Kent Lockhart

Personal information
- Born: April 25, 1963 Los Angeles County, California, U.S.
- Died: January 28, 2023 (aged 59)
- Listed height: 6 ft 5 in (1.96 m)
- Listed weight: 190 lb (86 kg)

Career information
- College: UTEP (1981–1985)
- NBA draft: 1985: 6th round, 119th overall pick
- Drafted by: New York Knicks
- Playing career: 1985–1991
- Position: Guard

Career history
- 1985–1986: Albany Patroons
- 1989–1991: Eastside Spectres

Career highlights
- All-NBL First Team (1989); All-NBL Second Team (1990);
- Stats at Basketball Reference

= Kent Lockhart =

American basketball player (1963–2023)

Kent Alexander Lockhart (April 25, 1963 – January 28, 2023) was an American professional basketball player. He played college basketball for the UTEP Miners and was drafted by the New York Knicks in the 1985 NBA draft. He had a three-year career in the National Basketball League (NBL) in Australia for the Eastside Spectres, where he was a two-time All-NBL Team recipient.

==Early life==
Lockhart was born Los Angeles County, California, and hailed from Palo Alto, California.

==College career==
Lockhart played four years of college basketball for the UTEP Miners. In 120 games between 1981 and 1985, he averaged 8.1 points, 2.9 rebounds and 2.3 assists in 26.5 minutes per game. As of 2022, his 279 career assists is ranked tenth all-time in UTEP Miners history.

==Professional career==
===NBA draft and CBA===
Lockhart was selected by the New York Knicks in the sixth round of the 1985 NBA draft with the 119th overall pick. He went on to play four games for the Albany Patroons of the Continental Basketball Association (CBA) during the 1985–86 season.

===Australia===
Lockhart later moved to Australia and played for the Sandringham Sabres in the Victorian Basketball Association.

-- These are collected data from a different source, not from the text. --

(* Let $S$ be a set of $9$ points of $PG(3,2)$ which is a strong blocking set, i.e. for every plane $\sigma$ of $PG(3,2)$ the points of $\sigma\cap S$ span $\sigma$. Then through each point $P\in S$ there pass exactly $2$ lines of $PG(3,2)$ entirely contained in $S$.
   Context: $PG(3,2)$ is the $3$-dimensional projective space over $\mathbb{F}_2$ (15 points, each line has 3 points, each plane has 7 points). A strong blocking set in $PG(3,2)$ is a set of points $S$ such that for every plane $\sigma$, the span $\langle \sigma\cap S\rangle$ equals $\sigma$. A strong blocking set of size $9$ (the minimum possible size) is called a minimal strong blocking set. *)

(* PG(3,2) modelled as the projective space of F_2^4:
   points = nonzero row vectors of 'rV['F_2]_4 (over F_2 each 1-dim subspace
   has exactly one nonzero vector). Subspaces of PG(3,2) are row spaces. *)
From mathcomp Require Import all_boot all_order all_algebra.
Set Implicit Arguments. Unset Strict Implicit. Unset Printing Implicit Defensive.
Import GRing.Theory.
Local Open Scope ring_scope.

Definition vec := 'rV['F_2]_4.

Definition ppoints (m : nat) (U : 'M['F_2]_(m, 4)) : {set vec} :=
  [set x : vec | (x != 0) && (x <= U)%MS].

Definition is_plane (U : 'M['F_2]_4) : bool := \rank U == 3%N.

Definition is_line (U : 'M['F_2]_4) : bool := \rank U == 2%N.

Definition pspan (A : {set vec}) : 'M['F_2]_4 := (\sum_(x in A) <<x>>)%MS.

Definition strong_blocking (S : {set vec}) : Prop :=
  forall U : 'M['F_2]_4, is_plane U ->
    (pspan (S :&: ppoints U) == U)%MS.

Definition lines_through_in (P : vec) (S : {set vec}) : {set {set vec}} :=
  [set L : {set vec} | [exists U : 'M['F_2]_4, is_line U && (L == ppoints U)]
                       && (P \in L) && (L \subset S)].

Definition pg32_points : {set vec} := [set x : vec | x != 0].

From mathcomp Require Import all_boot all_order all_algebra.
Set Implicit Arguments. Unset Strict Implicit. Unset Printing Implicit Defensive.
Import GRing.Theory.
Local Open Scope ring_scope.

(* Let T be the 6 points outside S. If two disjoint pairs {a, b}, {c, d} of T had
   the same sum, then a, b, c, d would be the four points of the plane <a, b, c>
   off the line <a + b, a + c>, so that plane would meet S inside a line. Hence the
   15 sums of pairs of T are distinct nonzero vectors, i.e. every point is the sum
   of exactly one pair of T: through each point P exactly one line has its two
   other points in T. For P in S, the lines through P split the 14 other points
   into pairs {Y, P + Y}; if k of them lie in S, counting the 8 points of S other
   than P gives 2k + (7 - k - 1) = 8, so k = 2. *)

Lemma F2_cases (k : 'F_2) : k = 0 \/ k = 1.
Proof. by case: k => [[|[|//]] ?]; [left | right]; apply: val_inj. Qed.

Lemma addr_eql (V : zmodType) (x y : V) : (x + y == x) = (y == 0).
Proof. by rewrite -[LHS]subr_eq0 addrAC subrr add0r. Qed.

Lemma addr_eqr (V : zmodType) (x y : V) : (x + y == y) = (x == 0).
Proof. by rewrite addrC addr_eql. Qed.

Lemma sub_addsmx_split (F : fieldType) k m1 m2 n (x : 'M[F]_(k, n))
    (A : 'M_(m1, n)) (B : 'M_(m2, n)) :
  (x <= A + B)%MS -> exists2 u, (u <= A)%MS & (x - u <= B)%MS.
Proof.
case/sub_addsmxP=> -[u v] ->; exists (u *m A); first exact: submxMl.
by rewrite addrC addKr submxMl.
Qed.

Section RowVectorsF2.

Variable n : nat.
Implicit Types a b c x y : 'rV['F_2]_n.

Lemma addrr_F2 x : x + x = 0.
Proof. by rewrite -mulr2n -scaler_nat (_ : 2%:R = 0) ?scale0r //; apply/val_inj. Qed.

Lemma oppr_F2 x : - x = x.
Proof. by apply/eqP; rewrite eq_sym -subr_eq0 opprK addrr_F2. Qed.

Lemma addKr_F2 x y : x + (x + y) = y.
Proof. by rewrite -[X in X + _]oppr_F2 addKr. Qed.

Lemma addr_eq0_F2 x y : (x + y == 0) = (x == y).
Proof. by rewrite -[y in _ + y]oppr_F2 subr_eq0. Qed.

Lemma submx_rV_F2 x y : (x <= y)%MS -> x = 0 \/ x = y.
Proof.
by case/sub_rVP=> k ->; case: (F2_cases k) => ->; rewrite ?scale0r ?scale1r; [left | right].
Qed.

Lemma sub_adds3_F2 a b c x : (x <= a + b + c)%MS ->
  [\/ x = 0, x \in [set a; b; c; a + b + c] | (x <= (a + b)%R + (a + c)%R)%MS].
Proof.
case/sub_addsmx_split=> u /sub_addsmx_split [v /submx_rV_F2 hv /submx_rV_F2 hu].
move/submx_rV_F2=> hx.
have -> : x = v + (u - v) + (x - u) by rewrite addrC [v + _]addrC !subrK.
have bc : ((b + c)%R <= (a + b)%R + (a + c)%R)%MS.
  by rewrite -[b + c]add0r -(addrr_F2 a) -addrACA addmx_sub_adds.
case: hx => ->; case: hu => ->; case: hv => ->; rewrite ?(add0r, addr0);
  first [by apply: Or31 | by apply: Or33; rewrite ?addsmxSl ?addsmxSr
        | by apply: Or32; rewrite !inE eqxx ?orbT].
Qed.

End RowVectorsF2.

Lemma card_submx_rV m (U : 'M['F_2]_(m, 4)) :
  #|[set x : vec | (x <= U)%MS]| = (2 ^ \rank U)%N.
Proof.
have -> : [set x : vec | (x <= U)%MS] = [set u *m row_base U | u : 'rV_(\rank U)].
  apply/setP=> x; rewrite inE; apply/idP/imsetP.
    by rewrite -(eq_row_base U) => /submxP [u ->]; exists u.
  by case=> u _ ->; rewrite -(eq_row_base U) submxMl.
rewrite card_imset; last exact: row_free_inj (row_base_free U).
by rewrite card_mx card_Fp // mul1n.
Qed.

Lemma card_ppoints m (U : 'M['F_2]_(m, 4)) : #|ppoints U| = (2 ^ \rank U).-1.
Proof.
rewrite -card_submx_rV [in RHS](cardsD1 0) inE sub0mx /=.
by apply: eq_card => x; rewrite !inE.
Qed.

Lemma card_pg32_points : #|pg32_points| = 15%N.
Proof.
rewrite -[pg32_points](_ : ppoints (1%:M : 'M_4) = _) ?card_ppoints ?mxrank1 //.
by apply/setP=> x; rewrite !inE submx1 andbT.
Qed.

Lemma pspan_sub (A : {set vec}) m (M : 'M_(m, 4)) :
  {subset A <= [pred x : vec | (x <= M)%MS]} -> (pspan A <= M)%MS.
Proof. by move=> sAM; apply/sumsmx_subP=> x /sAM; rewrite genmxE. Qed.

Definition pline (P Y : vec) : {set vec} := [set P; Y; P + Y].

Lemma card_pline P Y : P != 0 -> Y != 0 -> P != Y -> #|pline P Y| = 3%N.
Proof.
move=> P0 Y0 PY; rewrite /pline setUC cardsU1 cards2 PY !inE.
by rewrite addr_eql addr_eqr (negbTE P0) (negbTE Y0).
Qed.

Lemma pline_addr P Y : pline P (P + Y) = pline P Y.
Proof. by apply/setP=> z; rewrite !inE addKr_F2 orbAC. Qed.

Lemma pline_sub m (U : 'M_(m, 4)) P Y : P \in ppoints U -> Y \in ppoints U ->
  P != Y -> pline P Y \subset ppoints U.
Proof.
rewrite !inE => /andP [P0 PU] /andP [Y0 YU] PY.
apply/subsetP=> z; rewrite !inE => /orP [/orP [] | ] /eqP ->; rewrite ?P0 ?Y0 //.
by rewrite addr_eq0_F2 PY addmx_sub.
Qed.

Lemma pline_is_line P Y : P != 0 -> Y != 0 -> P != Y ->
  [exists U : 'M_4, is_line U && (pline P Y == ppoints U)].
Proof.
move=> P0 Y0 PY; apply/existsP; exists (P + Y)%MS.
have sub : pline P Y \subset ppoints (P + Y)%MS.
  by apply: pline_sub; rewrite // inE ?P0 ?Y0 ?addsmxSl ?addsmxSr.
have rle : (\rank (P + Y)%MS <= 2)%N.
  by apply: leq_trans (mxrank_adds_leqif P Y).1 _; rewrite !rank_rV P0 Y0.
move: rle (subset_leq_card sub).
rewrite /is_line eqEcard sub !card_ppoints card_pline //.
by case: (\rank _) => [|[|[|]]].
Qed.

Lemma line_ppoints_pline (U : 'M_4) P : is_line U -> P \in ppoints U ->
  exists2 Y, Y \in ppoints U :\ P & ppoints U = pline P Y.
Proof.
move=> /eqP rU PU; have c3 : #|ppoints U| = 3%N by rewrite card_ppoints rU.
have /card_gt0P [Y YU] : (0 < #|ppoints U :\ P|)%N.
  by move: c3; rewrite (cardsD1 P) PU add1n => -[->].
exists Y => //; move: YU; rewrite in_setD1 => /andP [YP YU].
have [P0 Y0] : P != 0 /\ Y != 0 by move: PU YU; rewrite !inE => /andP [-> _] /andP [].
by apply/esym/eqP; rewrite eqEcard pline_sub 1?eq_sym // c3 card_pline // eq_sym.
Qed.

Definition line_partners (S : {set vec}) (P : vec) : {set vec} :=
  [set Y in S | (Y != P) && (P + Y \in S)].

Section LinesThrough.

Variables (S : {set vec}) (P : vec).
Hypotheses (S0 : 0 \notin S) (PS : P \in S).

Local Notation A := (line_partners S P).

Lemma nonzero_in_S Y : Y \in S -> Y != 0.
Proof. by apply: contraTneq => ->. Qed.

Lemma line_partners_addr Y : Y \in A -> P + Y \in A.
Proof.
rewrite !inE addKr_F2 => /andP [YS /andP [_ ->]]; rewrite YS addr_eql andbT.
exact: nonzero_in_S.
Qed.

Lemma lines_through_in_partners : lines_through_in P S = pline P @: A.
Proof.
apply/setP=> L; apply/idP/imsetP.
  rewrite inE => /andP [/andP [/existsP [U /andP [lU /eqP LU]] PL] LS].
  rewrite LU in PL LS *; have [Y] := line_ppoints_pline lU PL.
  rewrite in_setD1 => /andP [YP _] LE; exists Y => //.
  by rewrite LE in LS; rewrite inE YP !(subsetP LS) // !inE eqxx ?orbT.
case=> Y; rewrite inE => /andP [YS /andP [YP PYS]] ->.
rewrite inE pline_is_line ?nonzero_in_S 1?eq_sym //= !inE eqxx /=.
by apply/subsetP=> z; rewrite !inE => /orP [/orP [] | ] /eqP ->.
Qed.

Lemma card_line_partners : #|A| = (2 * #|lines_through_in P S|)%N.
Proof.
rewrite lines_through_in_partners -sum1_card (partition_big_imset (pline P)) /=.
rewrite mulnC -sum_nat_const; apply: eq_bigr => _ /imsetP [Y YA ->].
have YP : Y != P + Y by rewrite eq_sym addr_eqr nonzero_in_S.
rewrite (eq_bigl (mem [set Y; P + Y])) ?sum1_card ?cards2 ?YP // => Z.
apply/andP/set2P=> [[ZA /eqP eZ] | [->|->]]; last 2 first.
- by rewrite YA eqxx.
- by rewrite line_partners_addr // pline_addr eqxx.
have : Z \in pline P Y by rewrite -eZ !inE eqxx orbT.
move: ZA; rewrite !inE => /andP [_ /andP [/negbTE -> _]] /=.
by case/orP=> /eqP; [left | right].
Qed.

End LinesThrough.

Section StrongBlocking.

Variable S : {set vec}.
Hypothesis S_strong : strong_blocking S.

Local Notation T := (pg32_points :\: S).

Lemma strong_blocking_no_quadrangle a b c d :
  uniq [:: a; b; c; d] -> {subset [:: a; b; c; d] <= T} -> a + b != c + d.
Proof.
move=> abcd_uniq abcdT; apply/eqP=> abcd.
have dE : d = a + b + c by rewrite abcd addrC addKr_F2.
set U := (a + b + c)%MS.
have abcdU : [:: a; b; c; d] \subset ppoints U.
  apply/subsetP=> x x4; have := abcdT x x4; rewrite !inE => /andP [_ ->] /=.
  move: x4; rewrite !inE => /or4P [] /eqP ->; rewrite ?dE.
  - exact: submx_trans (addsmxSl a b) (addsmxSl _ c).
  - exact: submx_trans (addsmxSr a b) (addsmxSl _ c).
  - exact: addsmxSr.
  - exact: addmx_sub_adds (addmx_sub_adds (submx_refl a) (submx_refl b)) (submx_refl c).
have rU : \rank U = 3%N.
  have le3 : (\rank U <= 3)%N.
    apply: leq_trans (mxrank_adds_leqif _ _).1 _.
    apply: (@leq_add _ _ 2 1); last exact: rank_leq_row.
    apply: leq_trans (mxrank_adds_leqif _ _).1 _.
    exact: leq_add (rank_leq_row a) (rank_leq_row b).
  move: le3 (subset_leq_card abcdU).
  by rewrite card_ppoints (card_uniqP abcd_uniq); case: (\rank U) => [|[|[|[|]]]].
have sW : (pspan (S :&: ppoints U) <= (a + b)%R + (a + c)%R)%MS.
  apply: pspan_sub => x; rewrite inE => /andP [xS xU]; move: (xU); rewrite inE.
  case/andP=> x0 /sub_adds3_F2 [/eqP | | //]; first by rewrite (negbTE x0).
  rewrite -dE => x4; have := abcdT x; rewrite !inE xS.
  by move: x4; rewrite !inE -!orbA => x4 /(_ x4).
have U_plane : is_plane U by rewrite /is_plane rU.
have := mxrankS sW; rewrite (eqmx_rank (S_strong U_plane)) rU.
apply/negP; rewrite -ltnNge ltnS.
apply: leq_trans (mxrank_adds_leqif _ _).1 _.
exact: leq_add (rank_leq_row _) (rank_leq_row _).
Qed.

Definition pair_sum (E : {set vec}) : vec := \sum_(x in E) x.

Lemma pair_sum2 a b : a != b -> pair_sum [set a; b] = a + b.
Proof. by move=> ab; rewrite /pair_sum big_setU1 ?big_set1 ?inE. Qed.

Lemma pair_sum_inj :
  {in [set E : {set vec} | E \subset T & #|E| == 2%N] &, injective pair_sum}.
Proof.
move=> E1 E2; rewrite !inE => /andP [sE1 /cards2P [a [b [ab E1ab]]]].
case/andP=> sE2 /cards2P [c [d [cd E2cd]]]; subst E1 E2; rewrite !pair_sum2 // => abcd.
have [ac|ac] := eqVneq a c; first by subst c; rewrite (addrI _ abcd).
have [ad|ad] := eqVneq a d.
  by subst d; rewrite [c + a]addrC in abcd; rewrite (addrI _ abcd) setUC.
have bc : b != c.
  by apply: contraNneq ad => bc; rewrite bc addrC in abcd; rewrite (addrI _ abcd).
have bd : b != d by apply: contraNneq ac => bd; rewrite bd in abcd; rewrite (addIr _ abcd).
have abcdT : {subset [:: a; b; c; d] <= T}.
  move=> x; rewrite !in_cons in_nil orbF => /or4P [] /eqP ->;
    first [by apply: (subsetP sE1); rewrite !inE eqxx ?orbT
          | by apply: (subsetP sE2); rewrite !inE eqxx ?orbT].
have abcd_uniq : uniq [:: a; b; c; d] by rewrite /= !inE !negb_or ab ac ad bc bd cd.
by move: (strong_blocking_no_quadrangle abcd_uniq abcdT); rewrite abcd eqxx.
Qed.

Hypotheses (S_sub : S \subset pg32_points) (S_card : #|S| = 9%N).

Lemma card_compl : #|T| = 6%N.
Proof. by rewrite cardsD (setIidPr S_sub) card_pg32_points S_card. Qed.

Lemma pair_sum_onto P : P \in pg32_points ->
  exists a b, [/\ a != b, [set a; b] \subset T & a + b = P].
Proof.
move=> P_pt; set D := [set E : {set vec} | E \subset T & #|E| == 2%N].
have sumD : pair_sum @: D \subset pg32_points.
  apply/subsetP=> y /imsetP [E]; rewrite inE => /andP [_ /cards2P [a [b [ab ->]]]] ->.
  by rewrite pair_sum2 // inE addr_eq0_F2.
have imD : pair_sum @: D = pg32_points.
  apply/eqP; rewrite eqEcard sumD card_in_imset; last exact: pair_sum_inj.
  by rewrite cards_draws card_compl card_pg32_points.
have /imsetP [E] : P \in pair_sum @: D by rewrite imD.
rewrite inE => /andP [sE /cards2P [a [b [ab EE]]]] ->.
by exists a, b; subst E; rewrite pair_sum2.
Qed.

Lemma card_shift_compl_meet P : P \in pg32_points ->
  #|[set P + y | y in T] :&: T| = 2%N.
Proof.
move=> P_pt; have [a [b [ab sabT abP]]] := pair_sum_onto P_pt.
have [aT bT] : a \in T /\ b \in T by split; apply: (subsetP sabT); rewrite !inE eqxx ?orbT.
suff -> : [set P + y | y in T] :&: T = [set a; b] by rewrite cards2 ab.
apply/setP=> z; rewrite inE; apply/andP/set2P=> [[/imsetP [y yT ->] PyT] | [->|->]].
- have Py_y : P + y != y by rewrite addr_eqr; move: P_pt; rewrite inE.
  have : [set P + y; y] = [set a; b].
    apply: pair_sum_inj; rewrite ?inE ?cards2 ?Py_y ?ab ?sabT ?andbT //.
      by apply/subsetP=> x /set2P [] ->.
    by rewrite !pair_sum2 // -addrA addrr_F2 addr0.
  by move/setP/(_ (P + y)); rewrite set21 => /esym /set2P.
- by split=> //; apply/imsetP; exists b; rewrite // -abP -addrA addrr_F2 addr0.
- by split=> //; apply/imsetP; exists a; rewrite // -abP addrC addrA addrr_F2 add0r.
Qed.

Lemma card_line_partners_minimal P : P \in S -> #|line_partners S P| = 4%N.
Proof.
move=> PS; have P0 : P != 0 by move: (subsetP S_sub P PS); rewrite inE.
set sT := [set P + y | y in T].
have sTE Y : (Y \in sT) = (P + Y \in T).
  apply/imsetP/idP=> [[y yT ->] | PYT]; first by rewrite addKr_F2.
  by exists (P + Y); rewrite ?addKr_F2.
have eA : line_partners S P = (S :\ P) :\: sT.
  apply/setP=> Y; rewrite !inE sTE !inE addr_eq0_F2 negb_and negbK [P == Y]eq_sym.
  by case: (Y == P); rewrite /= ?andbF ?orbF // andbC.
have eM : (S :\ P) :&: sT = sT :\: T.
  apply/setP=> Y; rewrite !inE sTE !inE addr_eq0_F2 [P == Y]eq_sym.
  have [->|YP] := eqVneq Y P; first by rewrite !andbF.
  have [->|Y0] := eqVneq Y 0; first by rewrite addr0 PS !andbF.
  by case: (Y \in S).
have card_sT : #|sT| = 6%N by rewrite card_imset ?card_compl //; apply: addrI.
have card_SP : #|S :\ P| = 8%N by move: S_card; rewrite (cardsD1 P) PS => -[].
have := cardsID sT (S :\ P); rewrite eM -eA card_SP.
have := cardsID T sT; rewrite card_sT card_shift_compl_meet ?(subsetP S_sub) //.
move=> /eqP; rewrite -[6%N]/(2 + 4)%N eqn_add2l => /eqP ->.
by move/eqP; rewrite -[8%N]/(4 + 4)%N eqn_add2l => /eqP.
Qed.

End StrongBlocking.

Close Scope ring_scope.

Theorem lemma2p2 (S : {set vec}) :
  S \subset pg32_points -> #|S| = 9 -> strong_blocking S ->
  forall P, P \in S -> #|lines_through_in P S| = 2.
Proof.
move=> S_sub S_card S_strong P PS.
have S0 : (0 : vec)%R \notin S by apply/negP=> /(subsetP S_sub); rewrite inE eqxx.
apply/eqP; rewrite -(eqn_pmul2l (isT : 0 < 2)) -card_line_partners //.
by rewrite (card_line_partners_minimal S_strong S_sub S_card PS).
Qed.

In 1989, Lockhart joined the Eastside Spectres and made his debut in the National Basketball League (NBL). He recorded a career-high 47 points during his first season and was named to the All-NBL First Team. He earned All-NBL Second Team honours in 1990 and played a starring role in the Spectres' run to the NBL Grand Final series against the Perth Wildcats in 1991. He averaged 24.3 points, 6.6 rebounds, 3.8 assists and 1.5 steals in his three-year NBL career, going at 51 per cent from the field across 81 games.

==Death==
Lockhart died on January 28, 2023, at the age of 59.